Question

The area of the triangle ABC with altitude AD $\angle BAC={{45}^{\circ }},DB=3,BC=2$ units is \[\]
A.6\[\]
B.15\[\]
C.$\dfrac{15}{4}$\[\]
D.12\[\]

Answer 1

\[\] Hint: We take $\angle BAC=\angle BAD\angle CAD=x+y,AD=l$. We take tangent trigonometric function on both sides and use the tangent of sum of two angles formula $\tan \left( A+B \right)=\dfrac{\tan A+\tan B}{1-\tan A\tan B}$. We put the data given in the equation and find the quadratic equation in $l$. We solve the equation to get $l$ and find the area as $\dfrac{1}{2}\times BC\times l$.\[\]

Complete step by step answer:
We know that the tangent of sum two angles say $A,B$ is given by the formula
\[\tan \left( A+B \right)=\dfrac{\tan A+\tan B}{1-\tan A\tan B}\]

We have drawn as described in the question where AD is an altitude or perpendicular on BC in the triangle ABC. We are given that $\angle BAC={{45}^{\circ }}$, BD=3 units, CD=2 units. So we have $BC=BD+CD=3+2=5$ units. We know that the formula for the area of the triangle is given as half the product of base and perpendicular. So we have area $\Delta $ of the triangle ABC as
\[\Delta =\dfrac{1}{2}\times BC\times AD\]

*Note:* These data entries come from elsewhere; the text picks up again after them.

(* Let $H=(V,E)$ be a graph, $t\ge 1$ an integer, and let $E_1,\dots,E_s\subseteq E$ be sets of edges each of size at most $t$, such that for every $1\le i<j\le s$ the graph $(V,E\setminus(E_i\cup E_j))$ is disconnected. If $s>(2^t+1)2^{t-1}$, then $m(H)\le 2^t$.
   Context: All graphs are finite and simple. For graphs $G_1=(V,E_1)$, $G_2=(V,E_2)$ on the same vertex set, their symmetric difference is the graph $(V,E_1\oplus E_2)$, where $E_1\oplus E_2$ is the set of edges belonging to exactly one of $E_1,E_2$. For a graph $H=(V,E)$, a spanning subgraph of $H$ is a graph $(V,E')$ with $E'\subseteq E$. A connectivity code for $H$ is a collection $\mathcal G$ of distinct spanning subgraphs of $H$ such that the symmetric difference of any two distinct members of $\mathcal G$ is a connected graph on the vertex set $V$. $m(H)$ denotes the maximum cardinality of a connectivity code for $H$. *)

From mathcomp Require Import all_boot.
Set Implicit Arguments. Unset Strict Implicit. Unset Printing Implicit Defensive.

(* A finite simple graph on vertex set T (a finType) is given by its edge set
   E : {set {set T}}, each edge being a 2-element subset of T. *)
Definition simple_edges (T : finType) (E : {set {set T}}) : Prop :=
  forall e, e \in E -> #|e| = 2.

Definition adj (T : finType) (E : {set {set T}}) : rel T :=
  fun x y => (x != y) && ([set x; y] \in E).

Definition connected_graph (T : finType) (E : {set {set T}}) : Prop :=
  forall x y : T, connect (adj E) x y.

Definition symdiff (T : finType) (E1 E2 : {set {set T}}) : {set {set T}} :=
  (E1 :\: E2) :|: (E2 :\: E1).

Definition conn_code (T : finType) (E : {set {set T}})
    (C : {set {set {set T}}}) : bool :=
  [forall F in C, F \subset E] &&
  [forall F1 in C, forall F2 in C,
     (F1 != F2) ==> [forall x, forall y, connect (adj (symdiff F1 F2)) x y]].

Definition mcode (T : finType) (E : {set {set T}}) : nat :=
  \max_(C : {set {set {set T}}} | conn_code E C) #|C|.

From mathcomp Require Import all_boot.
Set Implicit Arguments. Unset Strict Implicit. Unset Printing Implicit Defensive.

(* Let C be a connectivity code for H = (T, E) and suppose
   #|C| > 2^t; fix a subfamily C' of C with exactly 2^t + 1 members.
   - For every i, the traces F :&: Es i of the members F of C' live in
     the power set of Es i, which has at most 2^t elements; by pigeonhole two
     distinct members of C' agree on Es i.  Choose such a pair P i.
   - There are only 'C(2^t + 1, 2) = (2^t + 1) * 2^(t-1) < s pairs in C', so
     by pigeonhole again P i = P j = {F1, F2} for some i < j.
   - F1 and F2 agree on Es i :|: Es j, so their symmetric difference is a
     subgraph of E :\: (Es i :|: Es j); it is connected because C is a code,
     hence so is E :\: (Es i :|: Es j), contradicting the hypothesis. *)

Section CodeGraphs.
Variable T : finType.
Implicit Types E A : {set {set T}}.

Lemma connect_adj_subset (E1 E2 : {set {set T}}) (x y : T) :
  E1 \subset E2 -> connect (adj E1) x y -> connect (adj E2) x y.
Proof.
move=> sE12; apply: connect_sub => u v /andP[neq_uv uv_E1].
by apply: connect1; rewrite /adj neq_uv (subsetP sE12).
Qed.

Lemma symdiff_sub_setD E A (F1 F2 : {set {set T}}) :
  F1 \subset E -> F2 \subset E -> F1 :&: A = F2 :&: A ->
  symdiff F1 F2 \subset E :\: A.
Proof.
move=> sF1E sF2E agree; apply/subsetP => e.
have trace_eq : e \in A -> (e \in F1) = (e \in F2).
  by move=> eA; move/setP/(_ e): agree; rewrite !inE eA !andbT.
rewrite /symdiff !inE => /orP[] /andP[e_nF e_F]; apply/andP; split.
- by apply: contra e_nF => /trace_eq <-.
- exact: (subsetP sF1E).
- by apply: contra e_nF => /trace_eq ->.
- exact: (subsetP sF2E).
Qed.

Lemma code_agree_connected E A (C : {set {set {set T}}})
    (F1 F2 : {set {set T}}) :
  conn_code E C -> F1 \in C -> F2 \in C -> F1 != F2 ->
  F1 :&: A = F2 :&: A -> connected_graph (E :\: A).
Proof.
case/andP=> /forall_inP sub_E /forall_inP code_conn F1C F2C neq12 agree x y.
apply: (connect_adj_subset (symdiff_sub_setD (sub_E _ F1C) (sub_E _ F2C) agree)).
by move: (code_conn _ F1C) => /forall_inP/(_ _ F2C); rewrite neq12 =>
  /forallP/(_ x)/forallP/(_ y).
Qed.

End CodeGraphs.

Lemma set_pigeonhole (U V : finType) (f : U -> V) (S : {set U}) (D : {set V}) :
  f @: S \subset D -> #|D| < #|S| ->
  exists x y, [/\ x \in S, y \in S, x != y & f x = f y].
Proof.
move=> sfSD ltDS.
have : ~~ [forall x in S, forall y in S, (f x == f y) ==> (x == y)].
  apply: contraL ltDS => /forall_inP injf; rewrite -leqNgt.
  have /imset_injP/eqP <- : {in S &, injective f}.
    move=> x y xS yS fxy; apply/eqP.
    by move/forall_inP/(_ _ yS)/implyP: (injf _ xS); apply; rewrite fxy.
  exact: subset_leq_card.
rewrite negb_forall_in => /exists_inP[x xS].
rewrite negb_forall_in => /exists_inP[y yS].
by rewrite negb_imply => /andP[/eqP fxy neq_xy]; exists x, y.
Qed.

Lemma subset_of_card (U : finType) (S : {set U}) k :
  k <= #|S| -> exists2 S' : {set U}, S' \subset S & #|S'| = k.
Proof.
rewrite -bin_gt0 -(cards_draws S) => /card_gt0P[S'].
by rewrite inE => /andP[sS'S /eqP cardS']; exists S'.
Qed.

Lemma bin2_pow2S t : 1 <= t -> 'C((2 ^ t).+1, 2) = (2 ^ t + 1) * 2 ^ (t - 1).
Proof.
case: t => // t _; rewrite bin2 /= subn1 /= addn1 expnS.
by rewrite mulnCA mul2n doubleK.
Qed.

Lemma ord_pigeonhole (V : finType) s (f : 'I_s -> V) (D : {set V}) :
  (forall i, f i \in D) -> #|D| < s ->
  exists i j : 'I_s, i < j /\ f i = f j.
Proof.
move=> fD ltDs.
have sub_D : f @: [set: 'I_s] \subset D by apply/subsetP => _ /imsetP[i _ ->].
have [i [j [_ _ neq_ij eq_f]]] :
  exists i j, [/\ i \in [set: 'I_s], j \in [set: 'I_s], i != j & f i = f j].
  by apply: set_pigeonhole sub_D _; rewrite cardsT card_ord.
case: (ltngtP i j) => [lt_ij|lt_ji|/val_inj eq_ij]; first by exists i, j.
- by exists j, i.
- by rewrite eq_ij eqxx in neq_ij.
Qed.

Section Traces.
Variable T : finType.
Implicit Types A : {set {set T}}.
Implicit Types S P : {set {set {set T}}}.

Definition agree_on A P : bool :=
  [forall F1 in P, forall F2 in P, F1 :&: A == F2 :&: A].

Definition pairs_of S : {set {set {set {set T}}}} :=
  [set P : {set {set {set T}}} | P \subset S & #|P| == 2].

Lemma agree_on_pair A F1 F2 :
  agree_on A [set F1; F2] -> F1 :&: A = F2 :&: A.
Proof. by move/forall_inP/(_ F1 (set21 _ _))/forall_inP/(_ F2 (set22 _ _))/eqP. Qed.

Lemma agreeing_pair_exists A S :
  2 ^ #|A| < #|S| -> exists2 P, P \in pairs_of S & agree_on A P.
Proof.
move=> few_traces.
have traces_sub : (fun F => F :&: A) @: S \subset powerset A.
  by apply/subsetP => _ /imsetP[F _ ->]; rewrite powersetE subsetIr.
rewrite -card_powerset in few_traces.
have [F1 [F2 [F1S F2S neq12 agree]]] := set_pigeonhole traces_sub few_traces.
exists [set F1; F2].
  by rewrite inE cards2 neq12 andbT; apply/subsetP => F /set2P[] ->.
by apply/forall_inP => G1 /set2P[]-> ; apply/forall_inP => G2 /set2P[]->;
   rewrite ?agree.
Qed.

End Traces.

Lemma conn_code_card_le (T : finType) (E : {set {set T}}) (t s : nat)
    (Es : 'I_s -> {set {set T}}) (C : {set {set {set T}}}) :
  1 <= t ->
  (forall i, #|Es i| <= t) ->
  (forall i j : 'I_s, i < j -> ~ connected_graph (E :\: (Es i :|: Es j))) ->
  (2 ^ t + 1) * 2 ^ (t - 1) < s ->
  conn_code E C -> #|C| <= 2 ^ t.
Proof.
move=> t_ge1 small_Es disconnected s_large codeC; rewrite leqNgt.
apply/negP => /subset_of_card[C' sC'C cardC'].
have pair_exists i : exists2 P, P \in pairs_of C' & agree_on (Es i) P.
  by apply: agreeing_pair_exists; rewrite cardC' ltnS leq_pexp2l.
have [P P_pairs P_agree] := fin_all_exists2 pair_exists.
have few_pairs : #|pairs_of C'| < s by rewrite cards_draws cardC' bin2_pow2S.
have [i [j [lt_ij eq_P]]] := ord_pigeonhole P_pairs few_pairs.
have /setIdP[sPC' /cards2P[F1 [F2 [neq12 def_P]]]] := P_pairs i.
have agree_i := P_agree i; have agree_j := P_agree j.
rewrite -eq_P def_P in agree_j; rewrite def_P in agree_i.
have F_C F : F \in [set F1; F2] -> F \in C.
  by rewrite -def_P => /(subsetP sPC') /(subsetP sC'C).
apply: (disconnected _ _ lt_ij).
apply: (code_agree_connected codeC (F_C _ (set21 _ _)) (F_C _ (set22 _ _)) neq12).
by rewrite !setIUr (agree_on_pair agree_i) (agree_on_pair agree_j).
Qed.

Theorem lemma3p1 (T : finType) (E : {set {set T}}) (t s : nat)
    (Es : 'I_s -> {set {set T}}) :
  simple_edges E ->
  1 <= t ->
  (forall i, Es i \subset E) ->
  (forall i, #|Es i| <= t) ->
  (forall i j : 'I_s, i < j -> ~ connected_graph (E :\: (Es i :|: Es j))) ->
  (2 ^ t + 1) * 2 ^ (t - 1) < s ->
  mcode E <= 2 ^ t.
Proof.
move=> _ t_ge1 _ small_Es disconnected s_large.
apply/bigmax_leqP => C codeC.
exact: (conn_code_card_le t_ge1 small_Es disconnected s_large codeC).
Qed.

Now we need to only find the length of AD. We know that in a right angled triangle the tangent of any angle is the ratio of lengths of opposite side and the adjacent side excluding hypotenuse . Let us assume $\angle BAD=x,\angle CAD=y$ and the length of AD as $l$. We take the tangent of angle $\angle BAD$ in the right angled triangle BAD and get ,
\[\begin{align}
  & \tan \left( \angle BAD \right)=\dfrac{BD}{AD} \\
 & \Rightarrow \tan x=\dfrac{3}{l} \\
\end{align}\]
We take the tangent of angle $\angle CAD$ in the right angled triangle CAD and get ,
\[\begin{align}
  & \tan \left( \angle CAD \right)=\dfrac{CD}{AD} \\
 & \Rightarrow \tan y=\dfrac{2}{l} \\
\end{align}\]
We have from the triangle ABC, $\angle BAC=\angle BAD+\angle CAD$. Let us take tangent at both side and get,
\[\begin{align}
  & \angle BAC=\angle BAD+\angle CAD \\
 & \Rightarrow \tan \left( \angle BAC \right)=\tan \left( \angle BAD+\angle CAD \right) \\
 & \Rightarrow \tan {{45}^{\circ }}=\tan \left( x+y \right) \\
\end{align}\]
We know that $\tan {{45}^{\circ }}=1$. We use the tangent of sum of two angles formula and get
\[\begin{align}
  & \Rightarrow 1=\dfrac{\tan x+\tan y}{1-\tan x\tan y} \\
 & \Rightarrow \dfrac{\dfrac{3}{l}+\dfrac{2}{l}}{1-\dfrac{3}{l}\cdot \dfrac{2}{l}}=1 \\
 & \Rightarrow \dfrac{5}{l}=1-\dfrac{6}{{{l}^{2}}} \\
 & \Rightarrow {{l}^{2}}-5l-6=0 \\
\end{align}\]
We split the middle term and solve the above quadratic equation.
\[\begin{align}
  & \Rightarrow {{l}^{2}}-5l-6=0 \\
 & \Rightarrow {{l}^{2}}-6l+l-6=0 \\
 & \Rightarrow l\left( l-6 \right)+1\left( l-6 \right)=0 \\
 & \Rightarrow \left( l-6 \right)\left( l+1 \right)=0 \\
 & \Rightarrow l=6,l=-1 \\
\end{align}\]
We reject the negative value for distance and we find $l=6=AD$. So the area of the triangle in square units is

\[\Delta =\dfrac{1}{2}\times BC\times AD=\dfrac{1}{2}\times 5\times 6=15\]
So the correct option is B. \[\]

Note:
We note that the formula for tangent of sum of two angles is valid when $A\ne {{90}^{\circ }},B\ne {{90}^{\circ }},A+B<{{180}^{\circ }}$. If $A+B>{{180}^{\circ }}$ we have $\tan \left( A+B \right)=\pi -\dfrac{\tan A+\tan B}{1-\tan A\tan B}$ . We find the acute angle between two lines with slope ${{m}_{1}}=\tan A$ and ${{m}_{2}}=\tan B$ using ${{\tan }^{-1}}\left( \dfrac{{{m}_{1}}+{{m}_{2}}}{1-{{m}_{1}}{{m}_{2}}} \right)$.